One of the biggest experiences people had with subcutaneous was all of the human factors work that goes into it and evaluating the risks that emerge when you have non-healthcare providers using medical devices and combination products. We want to apply that same thinking to IV at-home early so that the products we put out there are used properly and are effective.
Where do you see IV at-home administration in ten years and how will we get there?
I think a decade from now we'll have more and more personalization in treatments: more biomarkers available, more feedback about how patients are responding to the treatment from both safety and efficacy perspectives, and maybe even more flexibility in how the dosing and treatment should be adjusted on a person-by-person basis.
For at-home treatment, this will mean gathering this information in parallel to treatment and being able to adjust things like dosing, rate of infusion, and frequency between therapies on a patient-by-patient basis.

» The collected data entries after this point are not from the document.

Lemma tinvK x : act (ti x) tau = x. Proof. apply act_KV. Qed.
Lemma tinv_inf : ti inf = z0. Proof. apply act_moveR. symmetry. exact C2b. Qed.

Lemma tau_sim_z0 x : sim (act x tau) z0 <-> sim x inf.
Proof. now rewrite (Htau x inf). Qed.

Lemma tau_sim_inf x : sim (act x tau) inf <-> sim x z0.
Proof. rewrite (Htau x z0). unfold zero. now rewrite C2b. Qed.

Lemma tinv_sim_inf x : sim (ti x) inf <-> sim x z0.
Proof. rewrite <- (tinvK x) at 2. symmetry. apply tau_sim_z0. Qed.

Lemma tinv_sim_z0 x : sim (ti x) z0 <-> sim x inf.
Proof. rewrite <- (tinvK x) at 2. symmetry. apply tau_sim_inf. Qed.

Lemma tinv_nsim_inf x : sim x inf -> ~ sim (ti x) inf.
Proof. rewrite tinv_sim_inf. intros S T. apply inf_nsim_z0. eauto. Qed.

Lemma sim_fixpoint g p x : in_Sym sim g -> act p g = p -> (sim (act x g) p <-> sim x p).
Proof. intros G E. now rewrite (G x p), E. Qed.

Lemma U_in_Sym u : U u -> in_Sym sim u. Proof. apply HU. Qed.
Lemma U_fix u : U u -> act inf u = inf. Proof. apply C1. Qed.

Lemma U_sim_inf u x : U u -> (sim (act x u) inf <-> sim x inf).
Proof. intro Hu. apply sim_fixpoint; [apply U_in_Sym | apply U_fix]; exact Hu. Qed.

Lemma alpha_spec y : ~ sim y inf -> U (al y) /\ act z0 (al y) = y.
Proof.
  intro Hy. unfold alpha. apply epsilon_spec. destruct C1 as [_ [Htr _]]. exact (Htr z0 y C2a Hy).
Qed.

Lemma alpha_U y : ~ sim y inf -> U (al y). Proof. apply alpha_spec. Qed.
Lemma alpha_z0 y : ~ sim y inf -> act z0 (al y) = y. Proof. apply alpha_spec. Qed.

Lemma alpha_uniq u : U u -> al (act z0 u) = u.
Proof.
  intros Hu. assert (Hy : ~ sim (act z0 u) inf) by now rewrite U_sim_inf.
  destruct C1 as [_ [_ Hreg]]. apply (Hreg z0); auto using alpha_U. now rewrite alpha_z0.
Qed.

Lemma alpha_mul x u : ~ sim x inf -> U u -> al (act x u) = pmul (al x) u.
Proof.
  intros Hx Hu. rewrite <- (alpha_z0 Hx) at 1. rewrite <- act_mul.
  apply alpha_uniq, HU; auto using alpha_U.
Qed.

Lemma alpha_zero : al z0 = pid X.
Proof. apply (alpha_uniq (proj1 (proj1 HU))). Qed.

Lemma mneg_alpha x : ~ sim x inf -> al (neg x) = pinvp (al x).
Proof. intro Hx. apply alpha_uniq, HU, alpha_U, Hx. Qed.

Lemma mneg_nsim_inf x : ~ sim x inf -> ~ sim (neg x) inf.
Proof. intro Hx. unfold mneg. rewrite U_sim_inf; [exact C2a | apply HU, alpha_U, Hx]. Qed.

Lemma mneg_mneg x : ~ sim x inf -> neg (neg x) = x.
Proof. intro Hx. unfold mneg at 1. rewrite mneg_alpha by exact Hx. apply alpha_z0, Hx. Qed.

Lemma mneg_sim_z0 x : ~ sim x inf -> (sim (neg x) z0 <-> sim x z0).
Proof.
  intro Hx. unfold mneg. rewrite (U_in_Sym (alpha_U Hx) _ z0), act_KV, alpha_z0 by exact Hx.
  split; auto.
Qed.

There is going to be much more feedback factoring into overall design.
Is there anything coming down the pipeline in this space that you're really excited about?
If we couple our large focus on patients with our increasing awareness on sustainability we can design and deliver a consistent and standardized system. Nowadays, when we think about a vial product, we think about the glass, rubber stopper, aluminum, box and drug components. But when you think about everything else patients get – from the tubing, syringes, diluent and everything else – there’s a substantial footprint that goes into one treatment. Many of those components come from specialty pharmacies which means they aren’t standardized. Sometimes a patient may receive a 10ml syringe and other times a 20ml syringe, for example.
If we started supplying systems to be used at home, including vials, diluent, injection method, etc in one package, we can both improve patient experience by providing them a consistent and complete package from one source and also reduce waste and the footprint of our therapies.
Anything else?
Similar to subcutaneous injection, IV is not a one company type of solution. We need all companies to work on it and build off of each other to continue striving for what’s best in patient care in this space.